I claim that the circuit presented in Figure 2 computes the solution for the Deutsch-Jozsa problem for \(n=1\) with certainty. That is, it tells us whether the mystery function \(U_f\) is balanced or constant. Notice that initially the first qubit is in the state \(|0\rangle\) and the second qubit is in the state \(\frac{1}{\sqrt 2}(|0\rangle-|1\rangle)\). This choice of first qubit seems perfectly natural since it’s ’empty’, and we will see later that there is good reason for the choice of the second qubit state. Let’s consider each step of the circuit systematically.


Figure 2: This circuit computes the solution to the Deutsch-Jozsa problem for \(n=1\).

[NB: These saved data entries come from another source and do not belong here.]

(* Let $\alpha$ be a unit-speed curve in $\mathbb{R}^3$ with nonvanishing curvature, let $\alpha_T$ be its tangent indicatrix with arc length $s_T$ and Frenet apparatus $\{T_T,N_T,B_T,\kappa_T,\tau_T\}$, and let $\beta$ be a Mannheim-direction curve of $\alpha_T$ (an $X$-direction curve of $\alpha_T$ with $N_\beta=B_T$). Then $$\frac{\tau_T}{\kappa_T}=\mp\,\frac{1}{\dfrac{\kappa_\beta^2}{(\kappa_\beta^2+\tau_\beta^2)^{3/2}}\,\dfrac{d}{ds_T}\Big(\dfrac{\tau_\beta}{\kappa_\beta}\Big)}.$$ That is, $\tau_T/\kappa_T$ equals this reciprocal up to sign.
   Context: Let $\alpha:I\subset\mathbb{R}\to\mathbb{R}^3$ be a unit-speed curve with curvature $\kappa>0$, torsion $\tau$ and Frenet frame $\{T,N,B\}$. The tangent indicatrix of $\alpha$ is the curve $\alpha_T=T$ on the unit sphere. Its arc length is $s_T=\int\kappa\,ds$. Its Frenet apparatus is $\{T_T,N_T,B_T,\kappa_T,\tau_T\}$, with $\frac{dT_T}{ds_T}=\kappa_TN_T$, $\frac{dN_T}{ds_T}=-\kappa_TT_T+\tau_TB_T$ and $\frac{dB_T}{ds_T}=-\tau_TN_T$. Let $x,y,z$ be real functions of $s_T$ with $x^2+y^2+z^2=1$, and set $X=xT_T+yN_T+zB_T$. An integral curve $\beta$ of $X$, meaning $d\beta/ds_T=X$, is an $X$-direction curve of $\alpha_T$. It has unit speed with arc length $s_T$. It is regarded as a Frenet curve with frame $\{T_\beta=X,N_\beta,B_\beta\}$, curvature $\kappa_\beta>0$ and torsion $\tau_\beta$. $\beta$ is a Mannheim-direction curve of $\alpha_T$ if $N_\beta=B_T$. *)

From Stdlib Require Import Reals.
From Coquelicot Require Import Coquelicot.
Open Scope R_scope.

(* Euclidean 3-space as triples (a NormedModule in Coquelicot via products). *)
Definition R3 : Type := (R * R * R)%type.

Definition vec (a b c : R) : R3 := (a, b, c).
Definition vx (u : R3) : R := fst (fst u).
Definition vy (u : R3) : R := snd (fst u).
Definition vz (u : R3) : R := snd u.

Definition vadd (u v : R3) : R3 := vec (vx u + vx v) (vy u + vy v) (vz u + vz v).
Definition vscale (k : R) (u : R3) : R3 := vec (k * vx u) (k * vy u) (k * vz u).
Definition dot (u v : R3) : R := vx u * vx v + vy u * vy v + vz u * vz v.
Definition norm3 (u : R3) : R := sqrt (dot u u).
Definition cross (u v : R3) : R3 :=
  vec (vy u * vz v - vz u * vy v)
      (vz u * vx v - vx u * vz v)
      (vx u * vy v - vy u * vx v).

Definition in_oint (a b : Rbar) (t : R) : Prop := Rbar_lt a t /\ Rbar_lt t b.

Definition frenet_apparatus (a b : Rbar) (c T N B : R -> R3) (k tau : R -> R)
  : Prop :=
  forall t, in_oint a b t ->
    is_derive c t (T t) /\
    is_derive T t (vscale (k t) (N t)) /\
    is_derive N t (vadd (vscale (- k t) (T t)) (vscale (tau t) (B t))) /\
    is_derive B t (vscale (- tau t) (N t)) /\
    dot (T t) (T t) = 1 /\ dot (N t) (N t) = 1 /\ dot (T t) (N t) = 0 /\
    B t = cross (T t) (N t) /\
    0 < k t.

(* Since N_beta = B_T, the tangent of beta lies in the osculating plane of alpha_T:
   X = x T_T + y N_T with x^2 + y^2 = 1.  Differentiating X.B_T = 0 and B_beta.B_T = 0
   with the Frenet equations gives kappa_beta = y tau_T and tau_beta = x tau_T, while
   x' = kappa_T y and y' = -kappa_T x.  Hence (tau_beta/kappa_beta)' = (x/y)' =
   kappa_T / y^2 and kappa_beta^2 + tau_beta^2 = tau_T^2, so the right-hand side
   equals |tau_T| / kappa_T. *)
From Stdlib Require Import Reals Lra.
From Coquelicot Require Import Coquelicot.
Open Scope R_scope.

Ltac r3_ring :=
  repeat match goal with u : R3 |- _ => destruct u as [[? ?] ?] end;
  unfold dot, cross, vadd, vscale, vec, vx, vy, vz; simpl; ring.

Lemma dot_comm u v : dot u v = dot v u. Proof. r3_ring. Qed.
Lemma dot_scale_l k u v : dot (vscale k u) v = k * dot u v. Proof. r3_ring. Qed.
Lemma dot_scale_r k u v : dot u (vscale k v) = k * dot u v. Proof. r3_ring. Qed.
Lemma dot_add_l u w v : dot (vadd u w) v = dot u v + dot w v. Proof. r3_ring. Qed.
Lemma dot_add_r u w v : dot v (vadd u w) = dot v u + dot v w. Proof. r3_ring. Qed.
Lemma dot_cross_l u v : dot u (cross u v) = 0. Proof. r3_ring. Qed.
Lemma dot_cross_r u v : dot v (cross u v) = 0. Proof. r3_ring. Qed.

Lemma dot_cross_cross u v :
  dot (cross u v) (cross u v) = dot u u * dot v v - dot u v ^ 2.
Proof. r3_ring. Qed.

Lemma dot_cross_cross_r w u v :
  dot (cross w (cross u v)) v = dot u v * dot w v - dot v v * dot w u.
Proof. r3_ring. Qed.

Lemma cross_orthonormal u v :
  dot u u = 1 -> dot v v = 1 -> dot u v = 0 ->
  dot (cross u v) (cross u v) = 1.
Proof. intros Hu Hv Huv. rewrite dot_cross_cross, Hu, Hv, Huv. ring. Qed.

Lemma is_derive_fst (U V : NormedModule R_AbsRing) (c : R -> U * V) t v :
  is_derive c t v -> is_derive (fun u => fst (c u)) t (fst v).
Proof.
  intros H.
  apply (filterdiff_comp' c fst t _ fst H), filterdiff_linear, is_linear_fst.
Qed.

Lemma is_derive_snd (U V : NormedModule R_AbsRing) (c : R -> U * V) t v :
  is_derive c t v -> is_derive (fun u => snd (c u)) t (snd v).
Proof.
  intros H.
  apply (filterdiff_comp' c snd t _ snd H), filterdiff_linear, is_linear_snd.
Qed.

Lemma is_derive_dot (c d : R -> R3) t v w :
  is_derive c t v -> is_derive d t w ->
  is_derive (fun u => dot (c u) (d u)) t (dot v (d t) + dot (c t) w).
Proof.
  intros Hc Hd.
  pose proof (is_derive_fst _ _ _ _ _ (is_derive_fst _ _ _ _ _ Hc)) as Hc1.
  pose proof (is_derive_snd _ _ _ _ _ (is_derive_fst _ _ _ _ _ Hc)) as Hc2.
  pose proof (is_derive_snd _ _ _ _ _ Hc) as Hc3.
  pose proof (is_derive_fst _ _ _ _ _ (is_derive_fst _ _ _ _ _ Hd)) as Hd1.
  pose proof (is_derive_snd _ _ _ _ _ (is_derive_fst _ _ _ _ _ Hd)) as Hd2.
  pose proof (is_derive_snd _ _ _ _ _ Hd) as Hd3.
  pose proof (is_derive_plus _ _ _ _ _
    (is_derive_plus _ _ _ _ _ (Derive.is_derive_mult _ _ _ _ _ Hc1 Hd1)
                              (Derive.is_derive_mult _ _ _ _ _ Hc2 Hd2))
    (Derive.is_derive_mult _ _ _ _ _ Hc3 Hd3)) as H.
  match type of H with is_derive _ _ ?l =>
    replace (dot v (d t) + dot (c t) w) with l by (unfold plus, dot, vx, vy, vz; simpl; ring)
  end.
  exact H.
Qed.

Lemma is_derive_locally_zero (f : R -> R) t l :
  locally t (fun u => f u = 0) -> is_derive f t l -> l = 0.
Proof.
  intros Hf Hd.
  rewrite <- (is_derive_unique (fun _ => 0) t l (is_derive_ext_loc f _ t l Hf Hd)).
  apply Derive_const.
Qed.

Lemma locally_in_oint a b t : in_oint a b t -> locally t (in_oint a b).
Proof. exact (open_and _ _ (open_Rbar_gt a) (open_Rbar_lt b) t). Qed.

Lemma Rpower_sqr_three_halves r :
  r <> 0 -> Rpower (r ^ 2) (3 / 2) = Rabs r * r ^ 2.
Proof.
  intros Hr.
  assert (Hr2 : 0 < r ^ 2) by (apply pow2_gt_0; exact Hr).
  replace (3 / 2) with (1 + / 2) by field.
  rewrite Rpower_plus, Rpower_1, Rpower_sqrt by exact Hr2.
  rewrite <- sqrt_Rsqr_abs, Rsqr_pow2. ring.
Qed.

Definition frame_field (x y z : R -> R) (T N B : R -> R3) (t : R) : R3 :=
  vadd (vadd (vscale (x t) (T t)) (vscale (y t) (N t))) (vscale (z t) (B t)).

Section MannheimDirection.

Variables (a b : Rbar) (c T N B : R -> R3) (k tau : R -> R).
Hypothesis Hc : frenet_apparatus a b c T N B k tau.

Variables (x y z : R -> R) (beta Nb Bb : R -> R3) (kb taub : R -> R).
Let X := frame_field x y z T N B.
Hypothesis Hxyz : forall t, in_oint a b t -> x t ^ 2 + y t ^ 2 + z t ^ 2 = 1.
Hypothesis Hbeta : frenet_apparatus a b beta X Nb Bb kb taub.
Hypothesis Hmannheim : forall t, in_oint a b t -> Nb t = B t.

Lemma frenet_frame_dots t : in_oint a b t ->
  dot (T t) (B t) = 0 /\ dot (N t) (B t) = 0 /\ dot (B t) (B t) = 1.
Proof.
  intros Ht. destruct (Hc t Ht) as (_ & _ & _ & _ & HTT & HNN & HTN & HB & _).
  rewrite HB. split; [|split].
  - apply dot_cross_l.
  - apply dot_cross_r.
  - apply cross_orthonormal; assumption.
Qed.

Lemma frame_field_coords t : in_oint a b t ->
  dot (X t) (T t) = x t /\ dot (X t) (N t) = y t /\ dot (X t) (B t) = z t.
Proof.
  intros Ht. destruct (Hc t Ht) as (_ & _ & _ & _ & HTT & HNN & HTN & _).
  destruct (frenet_frame_dots t Ht) as (HTB & HNB & HBB).
  unfold X, frame_field.
  rewrite !dot_add_l, !dot_scale_l, (dot_comm (N t) (T t)),
    (dot_comm (B t) (T t)), (dot_comm (B t) (N t)), HTT, HNN, HTN, HTB, HNB, HBB.
  repeat split; ring.
Qed.

Lemma mannheim_z_eq0 t : in_oint a b t -> z t = 0.
Proof.
  intros Ht. destruct (Hbeta t Ht) as (_ & _ & _ & _ & _ & _ & HXN & _).
  rewrite Hmannheim in HXN by exact Ht.
  destruct (frame_field_coords t Ht) as (_ & _ & <-). exact HXN.
Qed.

Lemma mannheim_unit t : in_oint a b t -> x t ^ 2 + y t ^ 2 = 1.
Proof.
  intros Ht. pose proof (Hxyz t Ht) as H. rewrite mannheim_z_eq0 in H by exact Ht.
  lra.
Qed.

Lemma mannheim_binormal_dots t : in_oint a b t ->
  dot (Bb t) (N t) = - x t /\ dot (Bb t) (B t) = 0.
Proof.
  intros Ht. destruct (Hbeta t Ht) as (_ & _ & _ & _ & _ & _ & _ & HBb & _).
  destruct (Hc t Ht) as (_ & _ & _ & _ & _ & HNN & HTN & HB & _).
  destruct (frame_field_coords t Ht) as (HXT & _).
  rewrite Hmannheim in HBb by exact Ht. rewrite HBb. split.
  - rewrite HB, dot_cross_cross_r, HTN, HNN, HXT. ring.
  - rewrite dot_comm. apply dot_cross_r.
Qed.

(* [X . B = 0] near [t], and its derivative is [kb - y tau]. *)
Lemma mannheim_curvature t : in_oint a b t -> kb t = y t * tau t.
Proof.
  intros Ht.
  destruct (Hc t Ht) as (_ & _ & _ & HdB & _).
  destruct (Hbeta t Ht) as (_ & HdX & _).
  rewrite Hmannheim in HdX by exact Ht.
  pose proof (is_derive_dot _ _ t _ _ HdX HdB) as D.
  apply is_derive_locally_zero in D.
  - destruct (frenet_frame_dots t Ht) as (_ & _ & HBB).
    destruct (frame_field_coords t Ht) as (_ & HXN & _).
    rewrite dot_scale_l, dot_scale_r, HBB, HXN in D. lra.
  - apply (filter_imp (in_oint a b)); [|exact (locally_in_oint a b t Ht)].
    intros u Hu. destruct (frame_field_coords u Hu) as (_ & _ & ->).
    exact (mannheim_z_eq0 u Hu).
Qed.

Lemma mannheim_torsion t : in_oint a b t -> taub t = x t * tau t.
Proof.
  intros Ht.
  destruct (Hc t Ht) as (_ & _ & _ & HdB & _).
  destruct (Hbeta t Ht) as (_ & _ & _ & HdBb & _).
  rewrite Hmannheim in HdBb by exact Ht.
  pose proof (is_derive_dot _ _ t _ _ HdBb HdB) as D.
  apply is_derive_locally_zero in D.
  - destruct (frenet_frame_dots t Ht) as (_ & _ & HBB).
    destruct (mannheim_binormal_dots t Ht) as (HBbN & _).
    rewrite dot_scale_l, dot_scale_r, HBB, HBbN in D. lra.
  - apply (filter_imp (in_oint a b)); [|exact (locally_in_oint a b t Ht)].
    intros u Hu. exact (proj2 (mannheim_binormal_dots u Hu)).
Qed.

Lemma mannheim_y_tau_neq0 t : in_oint a b t -> y t <> 0 /\ tau t <> 0.
Proof.
  intros Ht. destruct (Hbeta t Ht) as (_ & _ & _ & _ & _ & _ & _ & _ & Hkb).
  rewrite mannheim_curvature in Hkb by exact Ht.
  split; intros H0; rewrite H0 in Hkb; lra.
Qed.

Lemma is_derive_mannheim_x t : in_oint a b t -> is_derive x t (k t * y t).
Proof.
  intros Ht.
  destruct (Hc t Ht) as (_ & HdT & _).
  destruct (Hbeta t Ht) as (_ & HdX & _).
  rewrite Hmannheim in HdX by exact Ht.
  apply (is_derive_ext_loc (fun u => dot (X u) (T u))).
  - apply (filter_imp (in_oint a b)); [|exact (locally_in_oint a b t Ht)].
    intros u Hu. exact (proj1 (frame_field_coords u Hu)).
  - replace (k t * y t) with (dot (vscale (kb t) (B t)) (T t)
                              + dot (X t) (vscale (k t) (N t))).
    + exact (is_derive_dot _ _ t _ _ HdX HdT).
    + rewrite dot_scale_l, dot_scale_r, dot_comm.
      destruct (frenet_frame_dots t Ht) as (-> & _).
      destruct (frame_field_coords t Ht) as (_ & -> & _). ring.
Qed.

Lemma is_derive_mannheim_y t : in_oint a b t -> is_derive y t (- k t * x t).
Proof.
  intros Ht.
  destruct (Hc t Ht) as (_ & _ & HdN & _).
  destruct (Hbeta t Ht) as (_ & HdX & _).
  rewrite Hmannheim in HdX by exact Ht.
  apply (is_derive_ext_loc (fun u => dot (X u) (N u))).
  - apply (filter_imp (in_oint a b)); [|exact (locally_in_oint a b t Ht)].
    intros u Hu. exact (proj1 (proj2 (frame_field_coords u Hu))).
  - replace (- k t * x t) with
      (dot (vscale (kb t) (B t)) (N t)
       + dot (X t) (vadd (vscale (- k t) (T t)) (vscale (tau t) (B t)))).
    + exact (is_derive_dot _ _ t _ _ HdX HdN).
    + rewrite dot_scale_l, dot_add_r, !dot_scale_r, (dot_comm (B t)).
      destruct (frenet_frame_dots t Ht) as (_ & -> & _).
      destruct (frame_field_coords t Ht) as (-> & _ & ->).
      rewrite mannheim_z_eq0 by exact Ht. ring.
Qed.

Lemma is_derive_mannheim_ratio t : in_oint a b t ->
  is_derive (fun u => taub u / kb u) t (k t / y t ^ 2).
Proof.
  intros Ht. destruct (mannheim_y_tau_neq0 t Ht) as [Hy _].
  assert (Hnum : k t * y t * y t - x t * (- k t * x t) = k t).
  { transitivity (k t * (x t ^ 2 + y t ^ 2)); [ring|].
    rewrite mannheim_unit by exact Ht. ring. }
  apply (is_derive_ext_loc (fun u => x u / y u)).
  - apply (filter_imp (in_oint a b)); [|exact (locally_in_oint a b t Ht)].
    intros u Hu. destruct (mannheim_y_tau_neq0 u Hu) as [Hyu Htu].
    change (x u / y u = taub u / kb u).
    rewrite mannheim_curvature, mannheim_torsion by exact Hu. field. tauto.
  - rewrite <- Hnum.
    apply is_derive_div; auto using is_derive_mannheim_x, is_derive_mannheim_y.
Qed.

Lemma mannheim_curvature_torsion_sqr t : in_oint a b t ->
  kb t ^ 2 + taub t ^ 2 = tau t ^ 2.
Proof.
  intros Ht. rewrite mannheim_curvature, mannheim_torsion by exact Ht.
  transitivity (tau t ^ 2 * (x t ^ 2 + y t ^ 2)); [ring|].
  rewrite mannheim_unit by exact Ht. ring.
Qed.

Lemma mannheim_tau_over_k t : in_oint a b t ->
  let rhs := / (kb t ^ 2 / Rpower (kb t ^ 2 + taub t ^ 2) (3 / 2)
                * Derive (fun u => taub u / kb u) t) in
  tau t / k t = rhs \/ tau t / k t = - rhs.
Proof.
  intros Ht rhs. unfold rhs.
  destruct (mannheim_y_tau_neq0 t Ht) as [Hy Htau].
  destruct (Hc t Ht) as (_ & _ & _ & _ & _ & _ & _ & _ & Hk).
  replace (Derive (fun u => taub u / kb u) t) with (k t / y t ^ 2)
    by (symmetry; exact (is_derive_unique _ _ _ (is_derive_mannheim_ratio t Ht))).
  rewrite mannheim_curvature_torsion_sqr, Rpower_sqr_three_halves, mannheim_curvature by assumption.
  destruct (Rle_lt_dec 0 (tau t)) as [Hpos | Hneg].
  - left. rewrite Rabs_pos_eq by exact Hpos. field. lra.
  - right. rewrite Rabs_left by exact Hneg. field. lra.
Qed.

End MannheimDirection.

Theorem corollary6p4
  (* alpha : I -> R^3, I = ]a0,b0[, unit speed, tangent T = alpha',
     T' = dT, curvature kappa = |T'| > 0 *)
  (a0 b0 : Rbar) (alpha T dT : R -> R3)
  (Halpha : forall s, in_oint a0 b0 s ->
     is_derive alpha s (T s) /\ norm3 (T s) = 1 /\
     is_derive T s (dT s) /\ 0 < norm3 (dT s))
  (* arc length s_T = \int kappa ds of the tangent indicatrix, a bijection
     from I onto J = ]a1,b1[ with inverse phi *)
  (a1 b1 : Rbar) (sT phi : R -> R)
  (HsT : forall s, in_oint a0 b0 s ->
     is_derive sT s (norm3 (dT s)) /\ in_oint a1 b1 (sT s) /\ phi (sT s) = s)
  (Hphi : forall t, in_oint a1 b1 t -> in_oint a0 b0 (phi t) /\ sT (phi t) = t)
  (* Frenet apparatus of the tangent indicatrix alpha_T = T, parametrized
     by its arc length s_T *)
  (TT NT BT : R -> R3) (kT tauT : R -> R)
  (HT : frenet_apparatus a1 b1 (fun t => T (phi t)) TT NT BT kT tauT)
  (* X-direction curve beta of alpha_T *)
  (x y z : R -> R) (beta : R -> R3)
  (Hxyz : forall t, in_oint a1 b1 t -> x t ^ 2 + y t ^ 2 + z t ^ 2 = 1)
  (Nb Bb : R -> R3) (kb taub : R -> R)
  (Hbeta : frenet_apparatus a1 b1 beta
     (fun t => vadd (vadd (vscale (x t) (TT t)) (vscale (y t) (NT t)))
                    (vscale (z t) (BT t)))
     Nb Bb kb taub)
  (* Mannheim-direction condition N_beta = B_T *)
  (HMann : forall t, in_oint a1 b1 t -> Nb t = BT t) :
  forall t, in_oint a1 b1 t ->
    let rhs := / (kb t ^ 2 / Rpower (kb t ^ 2 + taub t ^ 2) (3 / 2)
                  * Derive (fun u => taub u / kb u) t) in
    tauT t / kT t = rhs \/ tauT t / kT t = - rhs.
Proof.
  exact (mannheim_tau_over_k a1 b1 _ TT NT BT kT tauT HT x y z beta Nb Bb kb taub
           Hxyz Hbeta HMann).
Qed.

  1. The input state is $$|\psi_0\rangle =|0\rangle\otimes\frac{1}{\sqrt 2}(|0\rangle-|1\rangle).$$
  2. After the first Hadamard gate on the first qubit we have the state $$|\psi_1\rangle = \frac{1}{2}(|0\rangle+|1\rangle)\otimes(|0\rangle-|1\rangle)=\frac{1}{2}(|00\rangle-|01\rangle+|10\rangle-|11\rangle).$$
  3. Next we apply our quantum Boolean function through \(U_f\), recalling that it has the action \(U_f:|a,b\rangle\mapsto|a,b\oplus f(a)\rangle\). Our state becomes $$|\psi_2\rangle = \frac{1}{2}(|0, f(0)\rangle-|0,1\oplus f(0)\rangle+|1,f(1)\rangle-|1,1\oplus f(1)\rangle).$$
  4. Applying the second Hadamard gate produces $$|\psi_3\rangle = \frac{1}{2}(|0,f(0)\rangle+|1,f(0)\rangle-|0,1\oplus f(0)\rangle – |1,1\oplus f(0)\rangle\\ +|0,f(1)\rangle-|1,f(1)\rangle-|0,1\oplus f(1)\rangle+|1,1\oplus f(1)\rangle).$$
  5. If \(f\) is constant, that is if \(f(0)=f(1)=a\), then we have the following state: $$|\psi_4\rangle = \frac{1}{\sqrt 2}(|0,1\oplus a\rangle-|0,a\rangle),$$
  6. while if \(f\) is balanced so \(f(0)\neq f(1)\), our state becomes $$|\psi_4’\rangle = \frac{1}{\sqrt 2}(1,f(0)\rangle-|1,f(1)\rangle).$$

We’re done. The striking thing to notice in steps 5 and 6 is that if \(f(0)=f(1)=a\), we are certain to measure \(|0\rangle\) for the first qubit, and if \(f(0)\neq f(1)\) then we are certain to measure \(|1\rangle\) for the first qubit. Thus we have solved in exactly one step what classically must take at least two. The advantage comes from the parallelism provided by quantum superposition, enabling us to effectively check both inputs at once. Superposition is a resource that no classical algorithm, no matter how clever, can hope to exploit.